A load control object is constructed as follows:

auto lc = Ikarus::LoadControl(nonlinearSolver, numLoadSteps, {loadFactorStartValue, loadFactorEndValue});

  • nonlinearSolver is a nonlinear solver, e.g., Newton-Raphson method, trust-region method, etc.
  • numLoadSteps is the number of load steps.
  • loadFactorStartValue is the value of the load factor at the beginning of the simulation.
  • loadFactorEndValue is the value of the load factor at the end of the simulation.

The load control is started with the run() method, i.e., for the above-mentioned example:

lc.run();

Obtaining information from control routines

The load control is an observable object, i.e. one can subscribe to the messages of the load control method. To read further on the implementation of observer patterns in Ikarus, see here.

The following messages are available:

enum class ControlMessages { 
  BEGIN,
  CONTROL_STARTED,
  CONTROL_ENDED,
  STEP_STARTED,
  STEP_ENDED,
  SOLUTION_CHANGED,
  END 
};

Path-following techniques

A general routine based on the standard arc-length method is included, which uses a scalar subsidiary function to impose a constraint on the non-linear system of equations.

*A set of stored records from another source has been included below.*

Lemma perfect_recall_pr_info info i :
  is_game G info -> perfect_recall_player G (pr_info G info) i.
Proof.
case=> wf /(_ i)[part _]; have part_pr := partition_pr_info part.
set pr := pr_info G info.
apply/(blockwiseP (fun h h' => obs_i G pr i h = obs_i G pr i h') part_pr).
move=> h hN h' hh'; have h'N : h' \in nodes_of G i.
  by have [/eqP <- _ _] := and3P part_pr; apply: mem_pblock_cover hh'.
move: hh'; rewrite mem_pblock_pr_info // => /andP[_ /eqP].
apply: (obs_i_transfer wf) => p q pN qN EP Eobs.
have [/eqP covPr tiPr _] := and3P part_pr.
by apply/eqP; rewrite eq_pblock ?covPr // mem_pblock_pr_info // EP Eobs !eqxx.
Qed.

Lemma refines_pr_info info info' :
  is_game G info -> is_game G info' -> refines info' info ->
  (forall i, perfect_recall_player G info' i) ->
  refines info' (pr_info G info).
Proof.
move=> [wf game] [_ game'] ref pr'.
have part i := (game i).1; have part' i := (game' i).1.
have sub := (refinesP part part').1 ref.
apply/(refinesP (fun i => partition_pr_info (part i)) part') => i h hN.
have [/eqP covP tiP _] := and3P (part i); have [/eqP covP' _ _] := and3P (part' i).
have same_block p q : p \in nodes_of G i -> q \in pblock (info' i) p ->
    pblock (info i) p = pblock (info i) q.
  move=> pN /(subsetP (sub i p pN)) qp.
  by apply/eqP; rewrite eq_pblock ?covP.
apply/subsetP=> h' hh'.
have h'N : h' \in nodes_of G i by rewrite -covP' (mem_pblock_cover hh').
rewrite mem_pblock_pr_info // (same_block h h') // eqxx /=; apply/eqP.
apply: (obs_i_transfer wf (info1 := info')).
  move=> p q pN qN EP _; apply: same_block => //.
  by rewrite EP mem_pblock covP'.
exact: (blockwiseP _ (part' i)).1 (pr' i) h hN h' hh'.
Qed.

End PerfectRecallRefinement.

Theorem corollary1 (N T : finType) (A : eqType) (R : realFieldType)
    (G : efg_base N T A R) (info info' : infostruct N T) :
  is_game G info -> is_game G info' ->
  refines info' info -> perfect_recall_game G info' ->
  refines info' (pr_info G info) /\ perfect_recall_game G (pr_info G info).
Proof.
move=> game game' ref [_ pr']; split; first exact: refines_pr_info.
split; first exact: is_game_pr_info.
by move=> i; apply: perfect_recall_pr_info.
Qed.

The previously mentioned LoadControl method can also be recreated using this technique. For more details on the standard arc-length method, see, among others, the works of Wempner1, Crisfield2, Ramm3 and Riks4 among others. A path-following object is constructed as follows:

auto alc = Ikarus::PathFollowing(nr, load_steps, stepSize, pft);
where nr is a Newton-Raphson solver which considers a scalar subsidiary function and is defined by
auto nr = Ikarus::makeNewtonRaphsonWithSubsidiaryFunction(nonLinOp, std::move(linSolver));
and pft is the desired path-following technique. Three different path-following techniques are included, namely

  • Standard arc-length method
  • Load control method (as a subsidiary function under this generalized implementation)
  • Displacement control method (uses a vector of indices which are all controlled by a same stepSize).

These can be invoked by defining

auto pft = Ikarus::StandardArcLength{};
auto pft = Ikarus::LoadControlWithSubsidiaryFunction{};
auto pft = Ikarus::DisplacementControl{controlledIndices};

Note

The default path-following type is the Ikarus::StandardArcLength{}. In the current implementation, it is assumed that the external forces are given by \(F_{ext} = F_{ext}^0\lambda\) such that $$ -\frac{\partial \mathbf{R}}{\partial \lambda} = F_{ext}^0 $$ An implementation for a general non-linear \(F_{ext} = F_{ext}^0\left(\mathbf{D},\lambda\right)\) is an open task.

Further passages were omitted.